Thursday, May 12, 2011

I just wanna be alone with your smile

2 things:

  • That damn dream I had this morning. It was the first one about you in months. You were standing there, holding the hand of a girl who was taller, skinnier, and had darker red hair than me. In the beginning, your hair seemed like you cut it, but then I realized it was longer than ever. You were so self-absorbed that you didn't even notice me.
  • Seeing lyrics from Blink-182's "M+M's" on Tumblr. It took me back to that time when we just sat in your car and you played it for me, telling me to listen to all the lyrics. All I wanted was to buy some candy (but not cigarettes) and drive to Madagascar with you. And I thought of how those are your favorite candy, and how I bought you that 42-ounce bag of them when I left for school so you'd eat them at work and think of me.
So I played it, and Dammit came on next, and why does every Blink-182 song have to be about you? Why did I have to start listening to your favorite band so much that I can still remember all the words, even though I haven't listened to them in a year and a half? And then there was Feeling This, and I could remember singing harmony with you in the car, and how you played Down and I didn't really understand it.

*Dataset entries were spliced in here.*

(* Let $q=2^n>2$ and let $g:\mathbb{F}_{q^2}\to\mathbb{F}_{q^2}$ be a function such that $f(x)=g(x^{q-1})$ takes values in $\mathbb{F}_2$ for all $x\in\mathbb{F}_{q^2}$. Then for $\alpha\in\mathbb{F}_{q^2}$, $$W_f(\alpha)=\begin{cases}(-1)^{g(0)}-\sum_{\lambda\in U}(-1)^{g(\lambda)}+(-1)^{g(\alpha^{1-q})}\,q, & \text{if } \alpha\neq0,\\[2pt] (-1)^{g(0)}+(q-1)\sum_{\lambda\in U}(-1)^{g(\overline{\lambda}^2)}, & \text{if } \alpha=0.\end{cases}$$
   Context: For $x\in\mathbb{F}_{q^2}$ write $\overline{x}=x^{q}$; $U=\{\eta\in\mathbb{F}_{q^2}:\eta^{q+1}=1\}$ is the unit circle. For $\alpha\ne0$, $\alpha^{1-q}$ denotes $(\alpha^{q-1})^{-1}$. The Walsh transform of a Boolean function $f:\mathbb{F}_{q^2}\to\mathbb{F}_2$ is $W_f(\alpha)=\sum_{x\in\mathbb{F}_{q^2}}(-1)^{f(x)+\mathrm{Tr}_1^{2n}(\alpha x)}$, where $\mathrm{Tr}_1^{2n}$ is the absolute trace of $\mathbb{F}_{2^{2n}}$. Values in $\mathbb{F}_2$ in exponents of $-1$ are identified with $0,1\in\mathbb{Z}$ (note $g$ takes values in $\mathbb{F}_2$ on $\{0\}\cup U$). *)

From HB Require Import structures.
From mathcomp Require Import all_boot all_order all_algebra all_field.
Set Implicit Arguments. Unset Strict Implicit. Unset Printing Implicit Defensive.
Import Order.TTheory GRing.Theory Num.Theory.
Local Open Scope ring_scope.

(* (-1)^b for b in F_2 (embedded in F as 0 / 1), as an integer. *)
Definition sgnF (F : fieldType) (b : F) : int := if b == 0 then 1 else -1.

Definition abs_trace (F : fieldType) (m : nat) (x : F) : F :=
  \sum_(i < m) x ^+ (2 ^ i).

Definition walsh (F : finFieldType) (m : nat) (f : F -> F) (a : F) : int :=
  \sum_(x : F) sgnF (f x + abs_trace m (a * x)).

Definition unit_circle (F : finFieldType) (q : nat) : {set F} :=
  [set e : F | e ^+ q.+1 == 1].

From HB Require Import structures.
From mathcomp Require Import all_boot all_order all_algebra all_field.
From mathcomp Require Import zify.
Import Order.TTheory GRing.Theory Num.Theory.
Local Open Scope ring_scope.
Set Implicit Arguments. Unset Strict Implicit.

(* Every x <> 0 is determined up to F_q^* by l = x^(q-1), which lies on the
   unit circle U, and E_l = {x | x^q = l x} = {0} U {x | x^(q-1) = l} is an
   F_q-line, so |E_l| = q (root counting and the partition of F^* by l also
   give |U| = q + 1).  Hence
     W_f(a) = (-1)^g(0) + sum_(l in U) (-1)^g(l) (S_l - 1),
   where S_l is the sum of psi_a(x) = (-1)^Tr(a x) over the group E_l, so
   S_l is q or 0.  For a = 0 every S_l is q.  For a <> 0, psi_a is trivial on
   E_l0 with l0 = a^(1-q) since a E_l0 = F_q lies in the kernel of the trace,
   while orthogonality of psi_a gives sum_l S_l = q; so S_l = 0 for l <> l0. *)

Lemma sum_char_subgroup (V : finZmodType) (R : idomainType) (chi : V -> R)
    (L : {set V}) :
  {in L &, forall x y, x - y \in L} ->
  {in L &, {morph chi : x y / x + y >-> x * y}} ->
  {in L, forall x, chi x = 1} \/ \sum_(x in L) chi x = 0.
Proof.
move=> subL chiD.
have [/forall_inP chi1|] := boolP [forall x in L, chi x == 1].
  by left=> x /chi1/eqP.
rewrite negb_forall_in => /exists_inP [x0 Lx0 chix0]; right.
have L0 : 0 \in L by rewrite -(subrr x0) subL.
have LDx0 x : (x + x0 \in L) = (x \in L).
  apply/idP/idP => [Lxx0|Lx]; first by rewrite -(addrK x0 x) subL.
  by rewrite -[x0]opprK subL // -sub0r subL.
set S := \sum_(x in L) chi x.
have SE : S = S * chi x0.
  rewrite {1}/S (reindex_inj (addIr x0)) mulr_suml /=.
  by apply: eq_big => [x|x]; rewrite LDx0 // => Lx; rewrite chiD.
move/eqP: SE; rewrite -subr_eq0 -{1}[S]mulr1 -mulrBr mulf_eq0 subr_eq0.
by rewrite [1 == _]eq_sym (negbTE chix0) orbF => /eqP.
Qed.

Lemma card_roots_lt (F : finIdomainType) (p : {poly F}) (A : {pred F}) :
  p != 0 -> {in A, forall x, root p x} -> (#|A| < size p)%N.
Proof.
move=> p0 rootA; rewrite cardE max_poly_roots ?enum_uniq //.
by apply/allP => x; rewrite mem_enum => /rootA.
Qed.

Lemma expf_card_pred (F : finFieldType) (x : F) : x != 0 -> x ^+ #|F|.-1 = 1.
Proof.
move=> x0; apply: (mulIf x0); rewrite mul1r -exprSr prednK ?expf_card //.
by apply/card_gt0P; exists 0.
Qed.

Section Char2.

Variable F : fieldType.
Hypothesis pcharF2 : 2%N \in [pchar F].

Lemma exprD_pow2 k (x y : F) : (x + y) ^+ (2 ^ k) = x ^+ (2 ^ k) + y ^+ (2 ^ k).
Proof. by apply: exprDn_pchar; rewrite pnatX (pnatE _ (isT : prime 2)) pcharF2. Qed.

Lemma expr_pow2_inj k : injective (fun x : F => x ^+ (2 ^ k)).
Proof.
move=> x y /= xy; have : (x - y) ^+ (2 ^ k) == 0.
  by rewrite oppr_pchar2 // exprD_pow2 xy addrr_pchar2.
by rewrite expf_eq0 subr_eq0 => /andP[_ /eqP].
Qed.

Lemma sgnF_add (b c : F) : (b == 0) || (b == 1) -> (c == 0) || (c == 1) ->
  sgnF (b + c) = sgnF b * sgnF c.
Proof.
rewrite /sgnF => /orP[]/eqP-> /orP[]/eqP->.
all: by rewrite ?add0r ?addr0 ?addrr_pchar2 ?eqxx ?oner_eq0 ?mul1r ?mulr1.
Qed.

Lemma abs_traceD m : {morph abs_trace m : x y / x + y :> F}.
Proof.
by move=> x y; rewrite /abs_trace -big_split; apply: eq_bigr => i _; rewrite exprD_pow2.
Qed.

Lemma abs_trace0 m : abs_trace m (0 : F) = 0.
Proof. by rewrite /abs_trace big1 // => i _; rewrite expr0n expn_eq0. Qed.

Lemma abs_trace_subfield n (y : F) : y ^+ (2 ^ n) = y -> abs_trace (2 * n) y = 0.
Proof.
move=> yq; rewrite /abs_trace mul2n -addnn big_split_ord /=.
rewrite [X in _ + X](eq_bigr (fun i : 'I_n => y ^+ (2 ^ i))) ?addrr_pchar2 // => i _.
by rewrite expnD exprM yq.
Qed.

End Char2.

Definition trace_char (F : fieldType) (m : nat) (a x : F) : int :=
  sgnF (abs_trace m (a * x)).

Lemma trace_char0 (F : fieldType) (m : nat) (a : F) : trace_char m a 0 = 1.
Proof. by rewrite /trace_char mulr0 abs_trace0 /sgnF eqxx. Qed.

Section FiniteChar2.

Variable F : finFieldType.
Hypothesis pcharF2 : 2%N \in [pchar F].

Lemma sum_unit_circle_frob (R : nmodType) (h : F -> R) d k :
  \sum_(l in unit_circle F d) h (l ^+ (2 ^ k)) = \sum_(l in unit_circle F d) h l.
Proof.
rewrite [RHS](reindex_inj (expr_pow2_inj pcharF2 (k:=k))); apply: eq_bigl => l.
rewrite !inE exprAC -[in RHS](expr1n F (2 ^ k)).
by apply/eqP/eqP => [->|/expr_pow2_inj->].
Qed.

Variable m : nat.
Hypotheses (m_gt0 : (0 < m)%N) (cardF : #|F| = (2 ^ m)%N).

Lemma abs_trace_sqr (x : F) : abs_trace m x ^+ 2 = abs_trace m x.
Proof.
rewrite -[_ ^+ 2]/(pFrobenius_aut pcharF2 _) rmorph_sum /abs_trace /=.
case: m m_gt0 cardF => // k _ cardFk.
rewrite big_ord_recr big_ord_recl /= !pFrobenius_autE -exprM -expnSr -cardFk.
rewrite expf_card addrC; congr (_ + _).
by apply: eq_bigr => i _; rewrite pFrobenius_autE -exprM -expnSr.
Qed.

Lemma abs_trace01 (x : F) : (abs_trace m x == 0) || (abs_trace m x == 1).
Proof.
have := abs_trace_sqr x; rewrite expr2 => /eqP; rewrite -subr_eq0 -[X in _ - X]mulr1.
by rewrite -mulrBr mulf_eq0 subr_eq0 eq_sym.
Qed.

Lemma exists_abs_trace_eq1 : exists y : F, abs_trace m y = 1.
Proof.
pose P : {poly F} := \sum_(i < m) 'X^(2 ^ i).
have PE y : P.[y] = abs_trace m y.
  by rewrite horner_sum; apply: eq_bigr => i _; rewrite hornerXn.
have P1 : P`_1 = 1.
  rewrite /P; case: m m_gt0 => // k _; rewrite coef_sum big_ord_recl big1 => [|i _].
    by rewrite coefXn expn0 eqxx addr0.
  by rewrite coefXn expnS mul2n; case: (2 ^ i)%N.
have P_neq0 : P != 0.
  by apply/eqP => P0; move: P1; rewrite P0 coef0 => /eqP; rewrite eq_sym oner_eq0.
have sizeP : (size P <= #|F|)%N.
  rewrite cardF; apply: leq_trans (size_sum _ _ _) _.
  by apply/bigmax_leqP_seq => i _ _; rewrite size_polyXn ltn_exp2l.
case: (pickP (fun y : F => abs_trace m y == 1)) => [y /eqP trace_y|trace_neq1].
  by exists y.
case/eqP: P_neq0; apply: (roots_geq_poly_eq0 _ (enum_uniq F)); last by rewrite -cardE.
apply/allP => y _; move: (abs_trace01 y) (trace_neq1 y).
by rewrite /root PE => /orP[]->.
Qed.

Lemma trace_charD (a : F) : {morph trace_char m a : x y / x + y >-> x * y}.
Proof. by move=> x y; rewrite /trace_char mulrDr abs_traceD // sgnF_add ?abs_trace01. Qed.

Lemma sum_trace_char_eq0 (a : F) : a != 0 -> \sum_x trace_char m a x = 0.
Proof.
move=> a_neq0; have [y trace_y] := exists_abs_trace_eq1.
have [||all1|] := @sum_char_subgroup _ _ (trace_char m a) [set: F].
- by move=> x z _ _; rewrite inE.
- by move=> x z _ _; rewrite trace_charD.
- have := all1 (y / a) (in_setT _).
  by rewrite /trace_char mulrC divfK // trace_y /sgnF oner_eq0.
- by rewrite (eq_bigl _ _ (in_setT (T:=F))).
Qed.

End FiniteChar2.

Definition frob_eigenset (F : finFieldType) (q : nat) (l : F) : {set F} :=
  [set x | x ^+ q == l * x].

Lemma unit_circleV (F : finFieldType) (q : nat) (l : F) :
  l \in unit_circle F q -> l^-1 \in unit_circle F q.
Proof. by rewrite !inE exprVn => /eqP->; rewrite invr1. Qed.

Section UnitCircle.

Variables (F : finFieldType) (q : nat).
Hypotheses (q_gt1 : (1 < q)%N) (cardF : #|F| = (q ^ 2)%N).

Local Notation U := (unit_circle F q).
Local Notation E := (frob_eigenset q).

Lemma frob_eigenset0 (l : F) : 0 \in E l.
Proof. by rewrite inE mulr0 expr0n eqn0Ngt ltnW. Qed.

Lemma mem_frob_eigenset (l x : F) : x != 0 -> (x \in E l) = (x ^+ q.-1 == l).
Proof.
move=> x_neq0; rewrite inE -[in X in X == _](ltn_predK q_gt1) exprSr.
exact: (inj_eq (mulIf x_neq0)).
Qed.

Lemma expr_pred_unit_circle (x : F) : x != 0 -> x ^+ q.-1 \in U.
Proof.
move=> x_neq0; rewrite inE -exprM -(expf_card_pred x_neq0) cardF.
by rewrite -mulnn (_ : q.-1 * q.+1 = (q * q).-1)%N //; nia.
Qed.

Lemma sum_polar (R : nmodType) (G : F -> R) :
  \sum_x G x = G 0 + \sum_(l in U) \sum_(x in E l | x != 0) G x.
Proof.
rewrite (bigD1 0) //=; congr (_ + _).
rewrite (partition_big (fun x => x ^+ q.-1) (mem U)) => [|x]; last first.
  exact: expr_pred_unit_circle.
apply: eq_bigr => l _; apply: eq_bigl => x.
by have [->|x_neq0] := eqVneq x 0; rewrite /= ?andbF ?andbT ?mem_frob_eigenset.
Qed.

Lemma card_frob_eigenset_le (l : F) : (#|E l| <= q)%N.
Proof.
have q1_gt0 : (0 < q.-1)%N by lia.
have p_neq0 : 'X^(q.-1) - l%:P != 0 :> {poly F} by rewrite -size_poly_eq0 size_XnsubC.
rewrite -ltnS -[in X in (_ < X)%N](ltn_predK q_gt1) -(size_XnsubC l q1_gt0) -size_mulX //.
apply: card_roots_lt => [|x]; first by rewrite mulf_neq0 ?polyX_eq0.
rewrite inE => /eqP Ex; rewrite /root !hornerE mulrBl -exprSr (ltn_predK q_gt1).
by rewrite Ex subrr.
Qed.

Lemma card_unit_circle_le : (#|U| <= q.+1)%N.
Proof.
rewrite -ltnS -(size_Xn_sub_1 F (ltn0Sn q)); apply: card_roots_lt.
  by rewrite -size_poly_eq0 size_Xn_sub_1.
by move=> x; rewrite inE /root !hornerE => /eqP->; rewrite subrr.
Qed.

Lemma sum_card_frob_eigenset : (\sum_(l in U) #|E l|.-1 = (q ^ 2).-1)%N.
Proof.
have : (\sum_(x : F) 1 = 1 + \sum_(l in U) \sum_(x in E l | x != 0%R) 1)%N.
  exact (sum_polar (fun _ => 1%N)).
rewrite sum1_card cardF add1n => ->; apply: eq_bigr => l _.
rewrite sum1_card (cardD1 0) frob_eigenset0 add1n /=.
by apply: eq_card => x; rewrite [in RHS]unfold_in !inE andbC.
Qed.
(* Let $p\geq 2$ be an integer, $n=2^p-1$ and $s=3\cdot 2^{p-2}$. Then there exists a perfect code $C$ in the hypercube $Q_n$ such that no element of $C$ contains $1^s$ as a substring.
   Context: The $n$-cube $Q_n$ is the graph whose vertex set is the set $\mathbb{B}_n$ of binary strings of length $n$, two strings being adjacent if they differ in exactly one position; its graph distance is the Hamming distance. A perfect code in a graph $G$ is a set $C$ of vertices such that every vertex of $G$ lies in the closed neighbourhood $N[c]=\{v: d_G(c,v)\le 1\}$ of exactly one vertex $c\in C$ (equivalently, $C$ is a dominating set and any two distinct elements of $C$ are at distance at least $3$). $1^s$ denotes the string of $s$ consecutive 1's; a string $\bm{f}$ is a substring of $\bm{s}$ if $\bm{s}=\bm{x}\bm{f}\bm{y}$ for some (possibly empty) strings $\bm{x},\bm{y}$. *)

From mathcomp Require Import all_boot.
Set Implicit Arguments. Unset Strict Implicit. Unset Printing Implicit Defensive.

(* Vertices of the n-cube Q_n: binary strings of length n. *)
Definition bstring (n : nat) := (n.-tuple bool).

(* Hamming distance = graph distance in Q_n. *)
Definition hamming (n : nat) (u v : bstring n) : nat :=
  count id [seq x.1 != x.2 | x <- zip (val u) (val v)].

Definition closed_nbhd (n : nat) (c : bstring n) : {set bstring n} :=
  [set v | hamming c v <= 1].

Definition perfect_code (n : nat) (C : {set bstring n}) : Prop :=
  forall v : bstring n, #|[set c in C | v \in closed_nbhd c]| = 1.

Definition substring (f s : seq bool) : bool := infix f s.

Definition ones (s : nat) : seq bool := nseq s true.

From HB Require Import structures.
From Stdlib Require Import PeanoNat.
From mathcomp Require Import all_boot zify.
Set Implicit Arguments. Unset Strict Implicit. Unset Printing Implicit Defensive.

(* The code is a coset of the Hamming code: writing p = k + 2, it consists of
   the words whose syndrome (the XOR of the positions, numbered from 1, of
   their ones) is 2^k.  Flipping position j XORs the syndrome with j, so every
   word is within distance 1 of exactly one codeword.
   Bit k of the Gray code of x, i.e. bit k+1 XOR bit k of x, is XOR-additive
   and, below 4 * 2^k, equals 1 exactly on [2^k, 3 * 2^k).  Applied to the
   syndrome it gives the parity of the number of ones of the word in that
   window of 2^(k+1) positions.  A block of 3 * 2^k ones in a word of length
   4 * 2^k - 1 covers the whole window, so this parity is even, whereas the
   Gray bit of 2^k is 1. *)

Lemma expn_pow m n : m ^ n = Nat.pow m n.
Proof. by elim: n => // n IH; rewrite expnS IH. Qed.

Lemma lxor_ltn_pow2 a b k : a < 2 ^ k -> b < 2 ^ k -> Nat.lxor a b < 2 ^ k.
Proof.
rewrite expn_pow => /ltP a_lt /ltP b_lt; apply/ltP.
have k_pos : Nat.pow 2 k <> 0 by apply: Nat.pow_nonzero.
apply/(Nat.div_small_iff _ _ k_pos); rewrite -Nat.shiftr_div_pow2 Nat.shiftr_lxor.
by rewrite !Nat.shiftr_div_pow2 !Nat.div_small.
Qed.

Lemma lxorA : associative Nat.lxor.
Proof. by move=> a b c; rewrite Nat.lxor_assoc. Qed.

HB.instance Definition _ :=
  Monoid.isComLaw.Build nat 0 Nat.lxor lxorA Nat.lxor_comm Nat.lxor_0_l.

Definition syndrome n (v : bstring n) : nat :=
  \big[Nat.lxor/0]_(i < n) (if tnth v i then i.+1 else 0).

(* Positions are numbered from 1, as in the syndrome; [flip 0 v = v]. *)
Definition flip n (j : nat) (v : bstring n) : bstring n :=
  [tuple tnth v i (+) (i.+1 == j) | i < n].

Lemma flip0 n (v : bstring n) : flip 0 v = v.
Proof. by apply: eq_from_tnth => i; rewrite tnth_mktuple addbF. Qed.

Lemma hammingE n (u v : bstring n) :
  hamming u v = #|[pred i : 'I_n | tnth u i != tnth v i]|.
Proof.
rewrite /hamming -[val u]map_tnth_enum -[val v]map_tnth_enum.
rewrite zip_map count_map enumT cardE /enum_mem size_filter count_map.
exact: eq_count.
Qed.

Lemma hamming_le1P n (u v : bstring n) :
  hamming u v <= 1 <-> exists2 j, j <= n & u = flip j v.
Proof.
rewrite hammingE; split=> [|[j j_le ->]].
  case: (pickP [pred i | tnth u i != tnth v i]) => [j uv_j /card_le1P le1 | uv0].
    exists j.+1; first exact: ltn_ord.
    apply: eq_from_tnth => i; rewrite tnth_mktuple eqSS.
    have := le1 j uv_j i; rewrite !inE -(inj_eq val_inj) /= => <-.
    by case: (tnth u i); case: (tnth v i).
  exists 0 => //; rewrite flip0; apply: eq_from_tnth => i.
  by apply/eqP; move: (uv0 i) => /= /negbT; rewrite negbK.
case: j j_le => [|j] j_lt.
  by rewrite flip0 eq_card0 // => i; rewrite inE eqxx.
rewrite -(card1 (Ordinal j_lt)); apply: subset_leq_card; apply/subsetP => i.
by rewrite !inE tnth_mktuple eqSS -val_eqE /=; case: (tnth v i); case: (i == j :> nat).
Qed.

Lemma syndrome_flip n (v : bstring n) j :
  j <= n -> syndrome (flip j v) = Nat.lxor (syndrome v) j.
Proof.
move=> j_le; have weight_j : \big[Nat.lxor/0]_(i < n) (if i.+1 == j then i.+1 else 0) = j.
  case: j j_le => [_|j j_lt]; first exact: big1.
  by rewrite -big_mkcond (big_pred1 (Ordinal j_lt)) // => i; rewrite eqSS -val_eqE.
rewrite /syndrome -[in RHS]weight_j -big_split /=; apply: eq_bigr => i _.
rewrite tnth_mktuple; case: (tnth v i); case: (i.+1 == j) => /=;
  by rewrite ?Nat.lxor_0_r ?Nat.lxor_0_l ?Nat.lxor_nilpotent.
Qed.

Lemma syndrome_ltn_pow2 n k (v : bstring n) : n < 2 ^ k -> syndrome v < 2 ^ k.
Proof.
move=> n_lt; rewrite /syndrome; elim/big_ind: _ => [|a b|i _].
- by rewrite expn_gt0.
- exact: lxor_ltn_pow2.
- by case: (tnth v i); [apply: leq_ltn_trans n_lt | rewrite expn_gt0].
Qed.

Lemma perfect_code_syndrome p a :
  a < 2 ^ p -> perfect_code [set c : bstring (2 ^ p - 1) | syndrome c == a].
Proof.
move=> a_lt v; apply/eqP/cards1P.
set t := Nat.lxor (syndrome v) a.
have n_lt : 2 ^ p - 1 < 2 ^ p by rewrite ltn_subrL expn_gt0.
have t_le : t <= 2 ^ p - 1.
  by have := lxor_ltn_pow2 (syndrome_ltn_pow2 v n_lt) a_lt; rewrite -/t; lia.
exists (flip t v); apply/setP => c; rewrite !inE.
apply/andP/eqP => [[/eqP c_a /hamming_le1P [j j_le c_j]] | ->].
  rewrite c_j syndrome_flip // in c_a.
  by rewrite c_j /t -c_a -Nat.lxor_assoc Nat.lxor_nilpotent Nat.lxor_0_l.
split; last by apply/hamming_le1P; exists t.
by rewrite syndrome_flip // /t -Nat.lxor_assoc Nat.lxor_nilpotent Nat.lxor_0_l.
Qed.

Definition gray_bit k x := Nat.testbit x k.+1 (+) Nat.testbit x k.

Lemma gray_bit0 k : gray_bit k 0 = false.
Proof. by rewrite /gray_bit !Nat.bits_0. Qed.

Lemma gray_bit_lxor k a b : gray_bit k (Nat.lxor a b) = gray_bit k a (+) gray_bit k b.
Proof.
rewrite /gray_bit !Nat.lxor_spec.
by case: (Nat.testbit a k.+1); case: (Nat.testbit a k);
   case: (Nat.testbit b k.+1); case: (Nat.testbit b k).
Qed.

Lemma gray_bitE k x : x < 4 * 2 ^ k -> gray_bit k x = (2 ^ k <= x < 3 * 2 ^ k).
Proof.
rewrite expn_pow /gray_bit => x_lt; set q := Nat.pow 2 k in x_lt *.
have q_neq0 : q <> 0 by apply: Nat.pow_nonzero.
have -> : Nat.testbit x k.+1 = Nat.testbit (x / q) 1 by rewrite Nat.div_pow2_bits.
have -> : Nat.testbit x k = Nat.testbit (x / q) 0 by rewrite Nat.div_pow2_bits.
have := Nat.div_mod x q q_neq0; have := Nat.mod_upper_bound x q q_neq0.
have : (x / q < 4)%coq_nat by apply: Nat.Div0.div_lt_upper_bound; lia.
by case: (x / q) => [|[|[|[|d]]]] d_lt r_lt x_eq; rewrite /= /Nat.odd /=; lia.
Qed.

Lemma gray_bit_syndrome k n (v : bstring n) :
  gray_bit k (syndrome v) = odd (\sum_(i < n) (tnth v i && gray_bit k i.+1)).
Proof.
rewrite /syndrome (big_morph (gray_bit k) (gray_bit_lxor k) (gray_bit0 k)).
rewrite (big_morph odd oddD (erefl (odd 0))); apply: eq_bigr => i _.
by case: (tnth v i); rewrite ?gray_bit0 oddb.
Qed.

Lemma sum_nat_interval a b n : \sum_(0 <= i < n) (a <= i < b) = minn b n - minn a n.
Proof.
elim: n => [|n IH]; first by rewrite big_geq // !minn0.
by rewrite big_nat_recr //= IH; lia.
Qed.

Lemma substring_ones_tnth n s (v : bstring n) : substring (ones s) (val v) ->
  exists2 i0, i0 + s <= n & forall i : 'I_n, i0 <= i < i0 + s -> tnth v i.
Proof.
move=> /infixP [pre [suf v_eq]]; exists (size pre).
  by rewrite -(size_tuple v) v_eq !size_cat size_nseq addnA leq_addr.
move=> i /andP [pre_le i_lt]; rewrite (tnth_nth false) v_eq nth_cat ltnNge pre_le /=.
have i_s : i - size pre < s by lia.
by rewrite nth_cat size_nseq i_s nth_nseq i_s.
Qed.

Lemma gray_bit_syndrome_ones k n (v : bstring n) :
  n < 4 * 2 ^ k -> substring (ones (3 * 2 ^ k)) (val v) -> gray_bit k (syndrome v) = false.
Proof.
move=> n_lt /substring_ones_tnth [i0 block_le block_ones].
have q_pos : 0 < 2 ^ k by rewrite expn_gt0.
have block_covers (i : 'I_n) : gray_bit k i.+1 -> tnth v i.
  have i_lt := ltn_ord i; rewrite gray_bitE; last by lia.
  by move=> gray_i; apply: block_ones; lia.
rewrite gray_bit_syndrome.
have -> : \sum_(i < n) (tnth v i && gray_bit k i.+1)
          = \sum_(0 <= i < n) (2 ^ k - 1 <= i < 3 * 2 ^ k - 1).
  rewrite big_mkord; apply: eq_bigr => i _; have i_lt := ltn_ord i.
  have -> : (2 ^ k - 1 <= i < 3 * 2 ^ k - 1) = gray_bit k i.+1 by rewrite gray_bitE; lia.
  by case: (boolP (gray_bit k i.+1)) => [/block_covers ->|_]; rewrite ?andbF.
rewrite sum_nat_interval.
have -> : minn (3 * 2 ^ k - 1) n - minn (2 ^ k - 1) n = (2 ^ k).*2 by lia.
exact: odd_double.
Qed.

Theorem theorem2 (p : nat) (hp : 2 <= p) :
  exists C : {set bstring (2 ^ p - 1)},
    perfect_code C /\
    forall c, c \in C -> ~~ substring (ones (3 * 2 ^ (p - 2))) (val c).
Proof.
have [k ->] : exists k, p = k.+2 by exists (p - 2); lia.
rewrite !subSS subn0.
exists [set c | syndrome c == 2 ^ k]; split.
  by apply: perfect_code_syndrome; rewrite ltn_exp2l.
have n_lt : 2 ^ k.+2 - 1 < 4 * 2 ^ k by rewrite !expnS; lia.
move=> c; rewrite inE => /eqP c_k; apply/negP => /(gray_bit_syndrome_ones n_lt).
by rewrite c_k gray_bitE; lia.
Qed.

And it's not that I miss you, it's that I wish you would have tried harder. Because then I wouldn't be crying about nostalgia, I'd be crying about how I'm going to be in Omaha and you're going to be in Texas for the summer, but I wouldn't be alone tonight because you're not leaving for another couple of weeks.

And I just want to know what makes you smile now and if it still hurts to think about that night, whether you thought about coming after me when I left, and why you never called. And if you talked to your mom or your grandma or your brothers and what they said about me and what if I had gone to your grandma's wedding last summer? How the smell of the Garnier Fructis in my hair doesn't remind me of yours anymore, it's just how my hair smells now.

And how I just want to prove to you how much better off I am without you pulling me down all the time and how you hated my friends and how I hated that you hate everyone. And how you ruined Christmas for me that year and never wanted to introduce me to your family and how I never understood that.

And how I wish you'd call, still. That you'd want to apologize and show me how you've changed and become a better person. And how I'd pretend not to know who was calling because I deleted your number but can still remember it immediately when I think about it. And how I try not to think about it, but suddenly it's there, just like the way you'd roll your eyes when you were being ridiculous and how much I loved your real smile and how rarely I saw it because you were never happy, just content. And how I couldn't handle just being content and just wanted to make you happy but never could and how I drove myself crazy with that.

And how you had such an amazing smile.